The protocol is HTTP, so some people probably consider it lightweight and others consider it heavyweight, but I'm sure it can handle an update rate of more than 4 Hz.  If higher update rates are desired it would be easy to use the WebSocket protocol with its much lower overhead.

As far as touch input performance goes, I expect it does suffer from being an HTML app vs. a native app, in the same way that Facebook's current HTML-based app sometimes feels pokey.  This may be an unavoidable price to pay in the portable HTML vs. less portable native app tradeoff.


Developer
Comment by Pat Hickey on July 24, 2012 at 3:33pm

I'm not sure why I had to double-tap on the screen twice to get that first waypoint to work, but occasionally the  double-tap detection does fail- its not perfect yet, and I hope we can improve it. I'm still learning JavaScript as I go along, so I've probably made some mistakes.

We can probably experiment with bumping the HUD datarate to the full 10hz it is sent over Mavlink at. Right now the individual HTTP requests take about 4 to 6ms roundtrip, so we might not be able to sustain more than 10hz without changing the incoming mavlink stream to work over websockets.

Comment by Delfin Magote III on July 24, 2012 at 7:08pm

Cool. Probably more lightweight than Mission Planner GCS. If it is possible to connect an Android tablet to a serial connection of an Xbee/3DR/RFD900 radio, Is it possible that the server is the Android tablet?  

Comment by John Wiseman on July 24, 2012 at 7:32pm

Delfin, that should be possible.  FYI Zachary Eldridge is already developing a serial connector and nativ... (I am concerned about the difficulty of getting Apple MFI approval, though I would love being shown that's my pessimism is unfounded).

Comment by Delfin Magote III on July 25, 2012 at 5:00am

I'm actually following his post. My target actually is to create a single Arduino server that can receive multiple inputs and transmit outputs to different gadgets through serial connection, here is my post to clarify my idea.

What I'm asking, is if Marvelous/MAVproxy server be an Android tablet instead of a computer since python can be ported to android. The GCS is exactly the same, front-end browser, but the server is running in Android.

I forgot to be specific in my first post. :)

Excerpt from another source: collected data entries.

Lemma two_forms_bound al be ga de r1 r2 w m k :
  Rabs al <= r1 -> Rabs be <= r1 * w -> Rabs ga <= r2 -> Rabs de <= r2 * w -> 0 <= w ->
  forall i, Rabs (two_forms al be ga de m k i) <= r1 ^ m * r2 ^ k * pascal (m + k) i * w ^ i.
Proof.
  intros Hal Hbe Hga Hde Hw.
  assert (H0 : forall i, Rabs (unit_coeffs i) <= 1 * pascal 0 i * w ^ i).
  { intros [|i]; unfold unit_coeffs; simpl; rewrite ?Rabs_R1, ?Rabs_R0; lra. }
  pose proof (iter_mul_lin_bound ga de r2 w k 1 0 _ Hga Hde Hw H0) as Hk.
  rewrite Nat.add_0_r in Hk.
  intros i. unfold two_forms.
  replace (r1 ^ m * r2 ^ k) with (1 * r2 ^ k * r1 ^ m) by ring.
  exact (iter_mul_lin_bound al be r1 w m _ k _ Hal Hbe Hw Hk i).
Qed.

(** The identity theorem: a polynomial vanishing at every nonzero real has
    only zero coefficients.  This is how identities between polynomials are
    transported to identities between their coefficient sequences. *)

Definition poly_eval (N : nat) (e : nat -> R) (u : R) : R := sumR N (fun i => e i * u ^ i).

Lemma hom_eval_poly_eval d c u : hom_eval d c u 1 = poly_eval (S d) c u.
Proof. apply sumR_ext. intros. rewrite pow1. ring. Qed.

Lemma poly_eval_shift N e u : poly_eval (S N) e u = e 0%nat + u * poly_eval N (fun i => e (S i)) u.
Proof.
  unfold poly_eval. rewrite sumR_shift, <- sumR_scal. simpl. f_equal; [ring |].
  apply sumR_ext. intros. simpl. ring.
Qed.

Lemma poly_eval_small N e u :
  Rabs u <= 1 -> Rabs (poly_eval N e u) <= sumR N (fun i => Rabs (e i)).
Proof.
  intros Hu. eapply Rle_trans; [apply sumR_abs |]. apply sumR_le. intros i _.
  rewrite Rabs_mult, <- RPow_abs.
  assert (Rabs u ^ i <= 1) by (rewrite <- (pow1 i); apply pow_incr; split; auto; apply Rabs_pos).
  pose proof (pow_le (Rabs u) i (Rabs_pos u)). pose proof (Rabs_pos (e i)). nra.
Qed.

Lemma dominated_by_small_multiples a B :
  0 <= B -> (forall u, 0 < u <= 1 -> Rabs a <= u * B) -> a = 0.
Proof.
  intros HB H. apply NNPP. intros Ha. apply Rabs_pos_lt in Ha.
  set (u := Rmin 1 (Rabs a / (2 * (B + 1)))).
  assert (Hu : 0 < u <= 1).
  { split; [apply Rmin_glb_lt; [lra | apply Rdiv_lt_0_compat; lra] | apply Rmin_l]. }
  assert (Hu2 : u * (2 * (B + 1)) <= Rabs a).
  { pose proof (Rmin_r 1 (Rabs a / (2 * (B + 1)))) as Hr. fold u in Hr.
    apply (Rmult_le_compat_r (2 * (B + 1))) in Hr; [| lra].
    unfold Rdiv in Hr. rewrite Rmult_assoc, Rinv_l in Hr by lra. lra. }
  specialize (H u Hu). nra.
Qed.

Lemma poly_eval_coeff0 N e : (forall u, u <> 0 -> poly_eval (S N) e u = 0) -> e 0%nat = 0.
Proof.
  intros H. apply (dominated_by_small_multiples _ (sumR N (fun i => Rabs (e (S i))))).
  - rewrite <- (Rmult_0_r (INR N)), <- sumR_const. apply sumR_le. intros; apply Rabs_pos.
  - intros u Hu. specialize (H u ltac:(lra)). rewrite poly_eval_shift in H.
    replace (e 0%nat) with (- (u * poly_eval N (fun i => e (S i)) u)) by lra.
    rewrite Rabs_Ropp, Rabs_mult, (Rabs_pos_eq u) by lra.
    apply Rmult_le_compat_l; [lra |]. apply poly_eval_small. rewrite Rabs_pos_eq; lra.
Qed.

Lemma poly_eval_zero_coeffs N e :
  (forall u, u <> 0 -> poly_eval N e u = 0) -> forall i, (i < N)%nat -> e i = 0.
Proof.
  revert e; induction N as [|N IH]; intros e H i Hi; [lia |].
  assert (E0 : e 0%nat = 0) by (eapply poly_eval_coeff0; eauto).
  destruct i as [|i]; [exact E0 |].
  apply (IH (fun i => e (S i))); [| lia].
  intros u Hu. specialize (H u Hu). rewrite poly_eval_shift, E0, Rplus_0_l in H.
  apply Rmult_integral in H. lra.
Qed.

Lemma hom_eval_coeffs_unique d c c' :
  (forall u, hom_eval d c u 1 = hom_eval d c' u 1) -> forall i, (i <= d)%nat -> c i = c' i.
Proof.
  intros H i Hi.
  enough (c i - c' i = 0) by lra.
  apply (poly_eval_zero_coeffs (S d) (fun i => c i - c' i)); [| lia].
  intros u _. specialize (H u). rewrite !hom_eval_poly_eval in H.
  unfold poly_eval in *.
  rewrite (sumR_ext _ _ (fun i => c i * u ^ i + -1 * (c' i * u ^ i))) by (intros; ring).
  rewrite sumR_plus, sumR_scal. lra.
Qed.

(** Homogeneous Taylor expansion at [xi]: the coefficients of a homogeneous
    polynomial in the variables [(x - xi y, y)] are its divided derivatives at [xi]. *)

Definition taylor_coeff (xi : R) (n : nat) (a : nat -> R) (k : nat) : R :=
  sumR (S n) (fun j => if Nat.leb k j then C j k * a j * xi ^ (j - k) else 0).

Lemma binomial_homogeneous j n (X Y y : R) : (j <= n)%nat ->
  (X + Y * y) ^ j * y ^ (n - j) =
  sumR (S n) (fun k => (if Nat.leb k j then C j k * Y ^ (j - k) else 0) * X ^ k * y ^ (n - k)).
Proof.
  intros Hj. rewrite binomial, sum_f_R0_sumR, <- sumR_scal_r.
  rewrite (sumR_trunc (S j) (S n)); [| lia |].
  2:{ intros i H1 H2. replace (Nat.leb i j) with false by (symmetry; apply Nat.leb_gt; lia).
      ring. }
  apply sumR_ext. intros k Hk.
  replace (Nat.leb k j) with true by (symmetry; apply Nat.leb_le; lia).
  rewrite Rpow_mult_distr.
  replace (n - k)%nat with ((j - k) + (n - j))%nat by lia. rewrite pow_add. ring.
Qed.

Lemma hom_eval_taylor xi n a x y :
  hom_eval n a x y = hom_eval n (taylor_coeff xi n a) (x - xi * y) y.
Proof.
  unfold hom_eval at 1.
  rewrite (sumR_ext _ _ (fun j => a j * ((x - xi * y + xi * y) ^ j * y ^ (n - j))))
    by (intros; replace (x - xi * y + xi * y) with x by ring; ring).
  rewrite (sumR_ext _ _ (fun j => sumR (S n) (fun k =>
     (if Nat.leb k j then C j k * a j * xi ^ (j - k) else 0) * (x - xi * y) ^ k * y ^ (n - k)))).
  2:{ intros j Hj. rewrite binomial_homogeneous by lia. rewrite <- sumR_scal.
      apply sumR_ext. intros k _. destruct (Nat.leb k j); ring. }
  rewrite sumR_swap. apply sumR_ext. intros k _.
  unfold taylor_coeff. rewrite <- !sumR_scal_r. reflexivity.
Qed.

Still, the GCS you've made is awesome, multiple input multiple output. Will be using it as soon as the APM2 and RFD900 arrives. :)

Comment by John Wiseman on July 25, 2012 at 9:03am

Yes, as I said, it should be possible.  The server code is python so as long as you can run that on your phone/tablet/whatever you're good.

Comment by steve F11music.com on July 25, 2012 at 1:40pm

OK this is my first time with GIT so bear with me. I just installed GIT, clicked on 'download this repository as a zip file', then unzipped that and ran mavproxy.py which opened up terminal and went into what I guess is mavproxy. The prompt in terminal looks like this.

Steves-MacBook-Pro-17:wiseman-mavelous-e94a6d7 steve$

When I try to do anything from there, I get errors. I read the instructions that talk about setting the baud rate and starting the browser session but I'm stuck at how to do that because the prompts in the instructions look different than mine or am I suppose to set the serial port first?

$ python mavproxy.py --baud=57600
 

Comment

You need to be a member of DIY Drones to add comments!

Join DIY Drones

Social Networking

Contests

Season Two of the Trust Time Trial (T3) Contest has now begun. The fourth round is an accuracy round for multicopters, which requires contestants to fly a cube. The deadline is April 14th.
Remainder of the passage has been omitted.